Beneath this line is the data. Output exactly the lines from the line with "Definition zpar (k" to the line with "(* the sequence", both ends included, and nothing more.

┄┄┄┄┄┄┄┄┄┄

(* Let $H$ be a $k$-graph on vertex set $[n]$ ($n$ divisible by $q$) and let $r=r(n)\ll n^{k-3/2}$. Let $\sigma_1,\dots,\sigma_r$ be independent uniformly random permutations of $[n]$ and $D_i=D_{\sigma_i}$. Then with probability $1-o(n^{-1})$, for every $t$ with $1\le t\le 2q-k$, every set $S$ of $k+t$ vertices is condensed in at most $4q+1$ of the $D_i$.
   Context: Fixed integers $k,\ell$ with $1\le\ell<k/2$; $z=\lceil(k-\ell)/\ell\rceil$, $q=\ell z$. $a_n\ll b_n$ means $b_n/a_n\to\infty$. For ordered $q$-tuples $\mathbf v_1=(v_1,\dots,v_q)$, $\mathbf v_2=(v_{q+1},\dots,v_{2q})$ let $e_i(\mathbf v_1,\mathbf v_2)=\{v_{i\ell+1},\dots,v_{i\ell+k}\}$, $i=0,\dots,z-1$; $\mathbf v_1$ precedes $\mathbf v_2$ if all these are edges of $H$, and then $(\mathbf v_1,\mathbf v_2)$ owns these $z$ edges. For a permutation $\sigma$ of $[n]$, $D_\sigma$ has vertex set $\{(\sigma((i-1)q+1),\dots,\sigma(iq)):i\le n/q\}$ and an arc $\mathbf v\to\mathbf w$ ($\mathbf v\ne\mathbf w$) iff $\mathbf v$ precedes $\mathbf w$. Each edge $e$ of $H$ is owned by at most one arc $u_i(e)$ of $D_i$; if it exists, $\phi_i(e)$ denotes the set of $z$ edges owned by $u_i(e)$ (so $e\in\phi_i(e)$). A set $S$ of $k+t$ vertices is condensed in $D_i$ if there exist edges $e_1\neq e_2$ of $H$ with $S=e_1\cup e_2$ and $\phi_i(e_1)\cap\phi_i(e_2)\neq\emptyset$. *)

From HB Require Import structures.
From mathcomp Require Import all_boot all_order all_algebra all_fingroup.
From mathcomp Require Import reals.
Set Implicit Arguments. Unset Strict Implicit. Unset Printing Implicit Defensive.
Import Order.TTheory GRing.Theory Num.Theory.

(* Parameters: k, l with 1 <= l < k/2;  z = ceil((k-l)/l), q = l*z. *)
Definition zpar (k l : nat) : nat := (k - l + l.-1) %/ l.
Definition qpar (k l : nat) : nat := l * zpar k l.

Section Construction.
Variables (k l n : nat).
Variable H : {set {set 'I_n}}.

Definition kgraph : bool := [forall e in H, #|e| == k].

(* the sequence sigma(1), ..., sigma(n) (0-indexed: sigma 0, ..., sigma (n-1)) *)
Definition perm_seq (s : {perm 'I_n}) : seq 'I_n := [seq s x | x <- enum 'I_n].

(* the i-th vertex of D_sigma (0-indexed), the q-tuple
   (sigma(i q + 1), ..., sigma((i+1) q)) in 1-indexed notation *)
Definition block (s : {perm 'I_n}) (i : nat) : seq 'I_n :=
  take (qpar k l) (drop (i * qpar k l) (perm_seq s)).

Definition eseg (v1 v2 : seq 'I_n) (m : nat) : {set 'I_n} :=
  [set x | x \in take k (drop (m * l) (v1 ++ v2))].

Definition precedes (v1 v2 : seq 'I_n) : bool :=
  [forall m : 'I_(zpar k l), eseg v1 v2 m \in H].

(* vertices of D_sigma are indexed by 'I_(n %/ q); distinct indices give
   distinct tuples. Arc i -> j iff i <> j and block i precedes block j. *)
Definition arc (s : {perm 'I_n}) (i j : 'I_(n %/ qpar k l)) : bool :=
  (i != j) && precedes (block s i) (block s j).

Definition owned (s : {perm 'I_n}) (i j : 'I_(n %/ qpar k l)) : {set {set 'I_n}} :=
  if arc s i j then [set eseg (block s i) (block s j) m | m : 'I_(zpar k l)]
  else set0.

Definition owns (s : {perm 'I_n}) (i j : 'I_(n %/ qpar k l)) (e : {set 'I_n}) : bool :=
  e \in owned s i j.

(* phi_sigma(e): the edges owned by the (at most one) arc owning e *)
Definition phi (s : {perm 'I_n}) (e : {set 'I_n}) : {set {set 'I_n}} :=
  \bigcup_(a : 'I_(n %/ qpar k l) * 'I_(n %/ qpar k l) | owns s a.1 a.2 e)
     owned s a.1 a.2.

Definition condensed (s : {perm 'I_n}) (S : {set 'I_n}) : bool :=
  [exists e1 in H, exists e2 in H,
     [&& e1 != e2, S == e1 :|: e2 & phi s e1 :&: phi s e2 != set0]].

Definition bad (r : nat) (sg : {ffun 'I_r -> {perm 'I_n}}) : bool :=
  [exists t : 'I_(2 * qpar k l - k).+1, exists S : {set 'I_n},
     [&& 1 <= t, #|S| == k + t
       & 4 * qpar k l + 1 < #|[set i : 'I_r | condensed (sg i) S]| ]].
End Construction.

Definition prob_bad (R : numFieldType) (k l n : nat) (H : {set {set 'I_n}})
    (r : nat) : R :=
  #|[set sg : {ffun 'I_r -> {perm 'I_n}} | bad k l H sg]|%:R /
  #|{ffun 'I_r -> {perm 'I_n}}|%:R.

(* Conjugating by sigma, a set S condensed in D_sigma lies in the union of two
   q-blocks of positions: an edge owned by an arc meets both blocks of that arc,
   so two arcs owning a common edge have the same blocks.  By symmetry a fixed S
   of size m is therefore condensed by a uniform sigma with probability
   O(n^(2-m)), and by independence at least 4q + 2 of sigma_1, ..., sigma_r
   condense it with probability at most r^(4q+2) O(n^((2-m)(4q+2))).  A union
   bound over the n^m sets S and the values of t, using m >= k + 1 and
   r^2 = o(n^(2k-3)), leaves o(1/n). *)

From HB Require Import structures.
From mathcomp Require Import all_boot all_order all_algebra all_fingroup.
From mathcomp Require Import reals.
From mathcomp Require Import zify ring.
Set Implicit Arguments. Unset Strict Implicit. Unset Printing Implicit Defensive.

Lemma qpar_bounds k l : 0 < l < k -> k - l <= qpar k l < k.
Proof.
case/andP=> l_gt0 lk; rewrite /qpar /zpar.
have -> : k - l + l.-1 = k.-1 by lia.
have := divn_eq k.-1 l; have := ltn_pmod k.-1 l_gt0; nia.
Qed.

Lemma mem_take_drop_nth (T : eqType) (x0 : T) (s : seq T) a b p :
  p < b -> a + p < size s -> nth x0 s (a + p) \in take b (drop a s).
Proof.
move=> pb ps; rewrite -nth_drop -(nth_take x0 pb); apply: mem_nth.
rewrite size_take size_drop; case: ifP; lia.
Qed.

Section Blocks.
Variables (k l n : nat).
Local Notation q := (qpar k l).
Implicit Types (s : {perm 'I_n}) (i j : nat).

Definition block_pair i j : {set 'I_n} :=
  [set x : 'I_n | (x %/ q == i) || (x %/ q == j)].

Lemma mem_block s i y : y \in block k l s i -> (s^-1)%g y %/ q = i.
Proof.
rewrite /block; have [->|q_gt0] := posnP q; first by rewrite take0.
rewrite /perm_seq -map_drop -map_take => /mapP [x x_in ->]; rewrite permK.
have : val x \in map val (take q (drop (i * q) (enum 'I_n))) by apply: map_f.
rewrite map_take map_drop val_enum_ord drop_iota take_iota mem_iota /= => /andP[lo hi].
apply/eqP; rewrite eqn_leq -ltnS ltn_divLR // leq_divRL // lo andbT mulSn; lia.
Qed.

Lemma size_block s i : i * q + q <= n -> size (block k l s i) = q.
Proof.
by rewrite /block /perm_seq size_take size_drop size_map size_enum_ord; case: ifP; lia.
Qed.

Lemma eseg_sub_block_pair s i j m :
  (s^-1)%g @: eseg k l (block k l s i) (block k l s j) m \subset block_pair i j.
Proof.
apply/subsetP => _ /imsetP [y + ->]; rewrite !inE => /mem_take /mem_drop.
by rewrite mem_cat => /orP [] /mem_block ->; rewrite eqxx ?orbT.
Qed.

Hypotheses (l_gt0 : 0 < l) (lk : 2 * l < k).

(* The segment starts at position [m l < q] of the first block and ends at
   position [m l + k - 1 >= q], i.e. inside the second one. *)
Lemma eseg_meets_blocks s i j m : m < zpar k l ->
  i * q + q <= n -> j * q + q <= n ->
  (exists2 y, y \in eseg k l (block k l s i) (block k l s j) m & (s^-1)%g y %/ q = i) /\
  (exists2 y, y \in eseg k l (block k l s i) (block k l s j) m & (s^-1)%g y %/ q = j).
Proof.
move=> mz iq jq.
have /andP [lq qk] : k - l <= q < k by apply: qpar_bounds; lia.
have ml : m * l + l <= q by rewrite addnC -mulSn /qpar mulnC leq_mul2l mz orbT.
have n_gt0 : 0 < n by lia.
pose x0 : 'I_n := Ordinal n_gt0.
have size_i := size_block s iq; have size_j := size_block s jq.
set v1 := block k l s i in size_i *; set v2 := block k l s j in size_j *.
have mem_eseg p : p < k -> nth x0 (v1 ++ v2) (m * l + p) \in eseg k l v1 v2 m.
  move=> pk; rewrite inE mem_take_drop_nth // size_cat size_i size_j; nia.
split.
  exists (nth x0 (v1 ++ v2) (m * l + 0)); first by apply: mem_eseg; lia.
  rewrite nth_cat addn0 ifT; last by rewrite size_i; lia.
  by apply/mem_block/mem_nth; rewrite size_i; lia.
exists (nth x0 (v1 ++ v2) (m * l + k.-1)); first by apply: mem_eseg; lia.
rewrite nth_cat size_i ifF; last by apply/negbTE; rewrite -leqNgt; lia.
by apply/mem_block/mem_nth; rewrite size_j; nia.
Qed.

┄┄┄┄┄┄┄┄┄┄

[EXERCISE SOLUTION]:
Definition zpar (k l : nat) : nat := (k - l + l.-1) %/ l.
Definition qpar (k l : nat) : nat := l * zpar k l.

Section Construction.
Variables (k l n : nat).
Variable H : {set {set 'I_n}}.

Definition kgraph : bool := [forall e in H, #|e| == k].

(* the sequence sigma(1), ..., sigma(n) (0-indexed: sigma 0, ..., sigma (n-1)) *)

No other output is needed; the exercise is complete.